Первая мировая война, повлекшая за собой падение русской Империи и раздробившая страны, населенные православными, поставила их перед новым сознанием вселенскости. Занятие Константинополя союзными войсками предоставило вселенскому патриархату возможность новых инициатив, которые прежде всего привели к укреплению его связей с англиканской Церковью, все более решительно становившейся на путь экуменизма. Уже в 1919 году Дорофей, митрополит Брусский и местоблюститель патриарха, утверждал на Синоде, что «пришел момент… со всем вниманием отнестись к проблеме единства христианских Церквей… Следует, чтобы призыв…, касающийся изучения возможностей сближения различных исповеданий для подготовки всеобщего единства, исходил из великой Константинопольской Церкви». Комиссия, составленная из епископов и богослов–мирян, принялась за работу, и вселенский патриархат в январе 1920 года разослал всем христианским Церквам послание, предлагавшее им искать единство в широком сотрудничестве, т. е. истинном «союзе». Вот важный текст, к коему с тех пор обращаются все православные, которые будут участвовать в экуменическом движении. Читая его, мы открываем, что Православие предваряло экуменические инициативы англикан и протестантов, и что Константинопольский патриархат первым призвал к созданию организации наподобие «общества Церквей», что представляет собой изначальную идею нынешнего Всемирного Совета Церквей.

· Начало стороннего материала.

Lemma polyfun_deformed_br y : polyfun (fun mu => deformed_br N br mu y).
Proof.
apply: polyfunD; first exact: polyfun_cst.
by apply: polyfun_sum => j; apply: polyfun_mulXn; apply: polyfun_cst.
Qed.

Lemma polyfun_jacobiator (n_gt0 : (0 < n)%N) dx dy x y :
  polyfun (fun mu => jacobiator (deformed_br N br mu) dx dy x y).
Proof.
have last_idx : (n.-1 < n)%N by rewrite prednK.
apply: polyfunB.
  apply: polyfun_ext (polyfun_deformed_br_upd N br_ml (catl (fmap alpha x) 0)
                        (Ordinal last_idx) (polyfun_deformed_br y)) => mu.
  by rewrite -catl_upd_last.
apply: polyfun_sum => i; apply: polyfunZ.
by apply: polyfun_deformed_br_upd => //; apply: polyfun_deformed_br.
Qed.

Hypotheses (N_alpha : forall v, N (alpha v) = alpha (N v))
           (Tl_trivial : forall mu x, Tl N mu (deformed_br N br mu x) = br (fmap (Tl N mu) x)).

Lemma Tl_jacobiator mu dx dy x y :
  Tl N mu (jacobiator (deformed_br N br mu) dx dy x y) =
  jacobiator br dx dy (fmap (Tl N mu) x) (fmap (Tl N mu) y).
Proof.
rewrite /jacobiator linearB linear_sum /= Tl_trivial fmap_catl Tl_trivial.
congr (br (catl _ _) - _).
  by apply/ffunP => k; rewrite !ffunE Tl_alpha.
apply: eq_bigr => i _; rewrite linearZZ /= Tl_trivial fmap_upd Tl_trivial fmap_catl.
congr (_ *: br (upd _ _ (br (catl _ _)))); first by apply/ffunP => k; rewrite !ffunE Tl_alpha.
by rewrite ffunE.
Qed.

End Deformation.

Lemma deformed_nHomLieColor (K : fieldType) (Γ : zmodType) (V : lmodType K) (n : nat)
    (G : Γ -> {pred V}) (eps : Γ -> Γ -> K) (br : {ffun 'I_n -> V} -> V)
    (alpha N : {linear V -> V}) (lam : K) :
  [pchar K] =i pred0 -> (0 < n)%N ->
  nHomLieColor G eps br alpha -> Nijenhuis G br alpha N ->
  nHomLieColor G eps (deformed_br N br lam) alpha.
Proof.
move=> char0 n_gt0 [bichar graded br_ml alpha_deg0 br_deg0 br_skew br_jacobi].
move=> [N_deg0 N_alpha N_nijenhuis]; have [G_subspace _ _] := graded.
have Tl_trivial := deformed_br_trivial br_ml n_gt0 N_nijenhuis.
split=> //.
- exact: multilinear_deformed_br.
- by move=> d x x_homog; exact: (deformed_br_homog G_subspace N_deg0 br_deg0 x_homog lam).
- move=> d x i j x_homog j_succ_i.
  exact: (deformed_br_skew N_deg0 br_skew x_homog j_succ_i lam).
move=> dx dy x y x_homog y_homog; apply/eqP; rewrite -subr_eq0; apply/eqP.
have poly_jac := polyfun_jacobiator eps alpha N br_ml n_gt0 dx dy x y.
apply: (Tl_polyfun_eq0 (N := N) char0 poly_jac) => mu.
rewrite Tl_jacobiator //; apply/eqP; rewrite subr_eq0; apply/eqP.
by apply: br_jacobi => k; rewrite ffunE; apply: Tl_deg0.
Qed.

Theorem theorem6p3 (K : fieldType) (Γ : zmodType) (V : lmodType K) (n : nat)
    (G : Γ -> {pred V}) (eps : Γ -> Γ -> K) (br : {ffun 'I_n -> V} -> V)
    (alpha N : {linear V -> V}) :
  [pchar K] =i pred0 -> (2 <= n)%N ->
  nHomLieColor G eps br alpha -> Nijenhuis G br alpha N ->
  forall lambda : K,
    [/\ nHomLieColor G eps (deformed_br N br lambda) alpha,
        (forall v : V, Tl N lambda (alpha v) = alpha (Tl N lambda v))
      & (forall x : {ffun 'I_n -> V},
           Tl N lambda (deformed_br N br lambda x) = br (fmap (Tl N lambda) x))].
Proof.
move=> char0 n_ge2 hlc nij lambda; have n_gt0 : (0 < n)%N := ltnW n_ge2.
have [_ N_alpha N_nijenhuis] := nij.
split; first exact: deformed_nHomLieColor.
- exact: Tl_alpha.
- exact: deformed_br_trivial (hlc_multilinear hlc) n_gt0 N_nijenhuis lambda.
Qed.
Lemma linear_functional_inner n (L : Vec n -> R) :
  (forall a b, L (vadd a b) = L a + L b) -> (forall c a, L (vscal c a) = c * L a) ->
  exists g, forall v, L v = inner g v.
Proof.
  induction n as [|n IH]; intros Ladd Lscal.
  - exists vzero. intros v.
    replace v with (vscal 0 v) by (apply functional_extensionality; intros i; inversion i).
    rewrite Lscal. unfold inner. simpl. ring.
  - destruct (IH (fun w => L (vcons 0 w))) as [g Hg].
    + intros a b. rewrite <- Ladd. f_equal. apply functional_extensionality. intros j.
      pattern j. apply Fin.caseS'; unfold vadd, vscal; simpl; [ring|reflexivity].
    + intros c a. rewrite <- Lscal. f_equal. apply functional_extensionality. intros j.
      pattern j. apply Fin.caseS'; unfold vadd, vscal; simpl; [ring|reflexivity].
    + exists (vcons (L (vcons 1 vzero)) g). intros v.
      assert (Hv : v = vadd (vscal (v Fin.F1) (vcons 1 vzero)) (vcons 0 (fun i => v (Fin.FS i)))).
      { rewrite (vcons_eta _ v) at 1. apply functional_extensionality. intros j.
        pattern j. apply Fin.caseS'; intros; unfold vadd, vscal, vzero; simpl; ring. }
      rewrite Hv at 1. rewrite Ladd, Lscal, Hg, inner_cons. simpl.
      rewrite Rmult_comm. reflexivity.
Qed.

Lemma Rabs_le_inv a b : Rabs a <= b -> - b <= a <= b.
Proof.
  intros H. pose proof (Rle_abs a). pose proof (Rle_abs (- a)). rewrite Rabs_Ropp in *. lra.
Qed.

«Постоянно любите друг друга от чистого сердца» (I Пет 1.22).
«Церковь Константинопольская не может допустить, чтобы расхождения, по определенным догматаческим вопросам разделяющие христианские Церкви, вызывали неизбежный провал всякой инициативы, направленной на установление более тесного союза между ними.
Убежденная в обратном — в том, что сближение даст преимущества каждой из Церквей и всему народу христианскому, она полагает, что нынешнее время благоприятствует обмену мнениями по этому важному вопросу, решение которого, может быть, приведет с помощью Божией к окончательному союзу христиан в будущем.
………………………………………………………………..
Прежде всего мы должны приложить усилия, чтобы устранить взаимные разногласия, вызванные тенденцией к прозелитизму, к сожалению преобладающей в некоторых кругах. Бесполезно упорствовать в том, что идет всегда в ущерб внутреннему миру Церквей — в особенности восточных — чьи пастыри повседневно подвергаются мучительным испытаниям.
Как только мы восстановим взаимное доверие, то вслед за этим инициатива великодушия должна победить то недоверие, которое постепенно овладело христианскими исповеданиями, заставив их смотреть друг иа друга как на чужих и, пребывая в изоляции, осуждать друг друга. Мы должны пробудить и усилить ныне угасшую любовь и вернуть Церквам сознание той тесной связи, которая соединяет их и делает их «сонаследниками, составляющими одно тело, и сопричастниками обетования его во Христе Иисусе посредством благовествования» (Еф 3.6).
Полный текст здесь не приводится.